Examine each line of the data, and copy the ones containing "Lemma".

[Data records]
· · · ·

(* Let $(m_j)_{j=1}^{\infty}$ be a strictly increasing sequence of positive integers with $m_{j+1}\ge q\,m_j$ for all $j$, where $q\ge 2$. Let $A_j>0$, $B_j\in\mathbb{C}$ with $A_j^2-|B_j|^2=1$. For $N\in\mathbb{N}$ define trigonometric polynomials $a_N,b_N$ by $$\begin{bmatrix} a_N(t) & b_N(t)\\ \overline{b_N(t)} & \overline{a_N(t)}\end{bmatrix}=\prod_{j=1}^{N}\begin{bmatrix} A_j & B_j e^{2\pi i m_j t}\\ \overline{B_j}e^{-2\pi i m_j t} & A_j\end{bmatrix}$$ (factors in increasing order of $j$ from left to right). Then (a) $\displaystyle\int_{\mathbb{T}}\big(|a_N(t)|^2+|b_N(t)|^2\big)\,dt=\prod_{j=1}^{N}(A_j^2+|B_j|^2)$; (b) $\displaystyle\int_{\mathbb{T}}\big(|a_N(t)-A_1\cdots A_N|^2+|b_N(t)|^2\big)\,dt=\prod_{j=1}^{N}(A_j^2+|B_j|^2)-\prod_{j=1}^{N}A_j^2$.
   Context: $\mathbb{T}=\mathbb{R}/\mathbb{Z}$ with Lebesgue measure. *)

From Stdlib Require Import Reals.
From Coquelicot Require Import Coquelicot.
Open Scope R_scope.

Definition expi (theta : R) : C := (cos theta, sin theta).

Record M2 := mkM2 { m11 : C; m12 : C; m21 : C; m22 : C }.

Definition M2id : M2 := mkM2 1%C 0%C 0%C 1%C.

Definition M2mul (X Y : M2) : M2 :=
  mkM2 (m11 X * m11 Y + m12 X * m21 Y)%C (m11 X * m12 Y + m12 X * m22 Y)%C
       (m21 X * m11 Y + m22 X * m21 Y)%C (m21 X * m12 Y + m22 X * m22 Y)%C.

· · · ·

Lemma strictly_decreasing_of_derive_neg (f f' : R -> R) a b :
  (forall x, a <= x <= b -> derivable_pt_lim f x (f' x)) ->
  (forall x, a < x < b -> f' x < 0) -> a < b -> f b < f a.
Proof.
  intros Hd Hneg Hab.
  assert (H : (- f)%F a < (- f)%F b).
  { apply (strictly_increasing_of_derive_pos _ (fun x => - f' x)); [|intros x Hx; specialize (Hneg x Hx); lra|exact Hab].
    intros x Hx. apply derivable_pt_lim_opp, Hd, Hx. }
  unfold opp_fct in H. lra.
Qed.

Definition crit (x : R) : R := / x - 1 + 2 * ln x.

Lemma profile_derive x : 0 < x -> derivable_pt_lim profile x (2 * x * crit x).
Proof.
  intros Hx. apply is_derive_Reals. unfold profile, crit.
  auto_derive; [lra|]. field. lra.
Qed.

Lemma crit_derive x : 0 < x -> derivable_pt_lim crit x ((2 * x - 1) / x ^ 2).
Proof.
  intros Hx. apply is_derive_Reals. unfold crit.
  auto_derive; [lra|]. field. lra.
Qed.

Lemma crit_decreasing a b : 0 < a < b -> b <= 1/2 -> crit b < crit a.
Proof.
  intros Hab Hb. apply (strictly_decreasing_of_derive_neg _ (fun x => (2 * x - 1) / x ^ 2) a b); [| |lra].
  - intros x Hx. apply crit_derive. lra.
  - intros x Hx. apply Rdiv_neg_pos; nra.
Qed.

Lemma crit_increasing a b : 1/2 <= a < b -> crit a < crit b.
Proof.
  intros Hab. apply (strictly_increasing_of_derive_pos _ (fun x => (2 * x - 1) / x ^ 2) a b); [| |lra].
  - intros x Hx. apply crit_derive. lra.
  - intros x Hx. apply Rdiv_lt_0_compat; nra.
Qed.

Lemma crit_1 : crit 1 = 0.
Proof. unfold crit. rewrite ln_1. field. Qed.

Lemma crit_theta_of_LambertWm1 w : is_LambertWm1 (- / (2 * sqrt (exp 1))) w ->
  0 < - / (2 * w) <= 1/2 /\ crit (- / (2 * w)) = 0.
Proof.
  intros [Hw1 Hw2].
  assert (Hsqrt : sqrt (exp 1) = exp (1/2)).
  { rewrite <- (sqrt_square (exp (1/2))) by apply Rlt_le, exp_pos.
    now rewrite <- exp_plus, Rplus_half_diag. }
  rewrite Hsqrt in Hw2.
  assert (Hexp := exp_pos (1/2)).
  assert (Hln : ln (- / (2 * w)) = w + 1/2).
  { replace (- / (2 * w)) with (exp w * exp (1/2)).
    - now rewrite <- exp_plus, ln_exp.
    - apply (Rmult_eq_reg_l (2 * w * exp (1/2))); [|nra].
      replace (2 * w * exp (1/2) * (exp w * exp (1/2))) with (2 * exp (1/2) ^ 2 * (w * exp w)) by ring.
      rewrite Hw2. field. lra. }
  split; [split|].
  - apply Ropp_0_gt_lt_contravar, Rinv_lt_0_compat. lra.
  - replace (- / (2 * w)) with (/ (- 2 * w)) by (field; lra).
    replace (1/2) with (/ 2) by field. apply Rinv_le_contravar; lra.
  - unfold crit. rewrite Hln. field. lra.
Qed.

· · · ·

**Finished task**:
Lemma strictly_decreasing_of_derive_neg (f f' : R -> R) a b :
Lemma profile_derive x : 0 < x -> derivable_pt_lim profile x (2 * x * crit x).
Lemma crit_derive x : 0 < x -> derivable_pt_lim crit x ((2 * x - 1) / x ^ 2).
Lemma crit_decreasing a b : 0 < a < b -> b <= 1/2 -> crit b < crit a.
Lemma crit_increasing a b : 1/2 <= a < b -> crit a < crit b.
Lemma crit_1 : crit 1 = 0.
Lemma crit_theta_of_LambertWm1 w : is_LambertWm1 (- / (2 * sqrt (exp 1))) w ->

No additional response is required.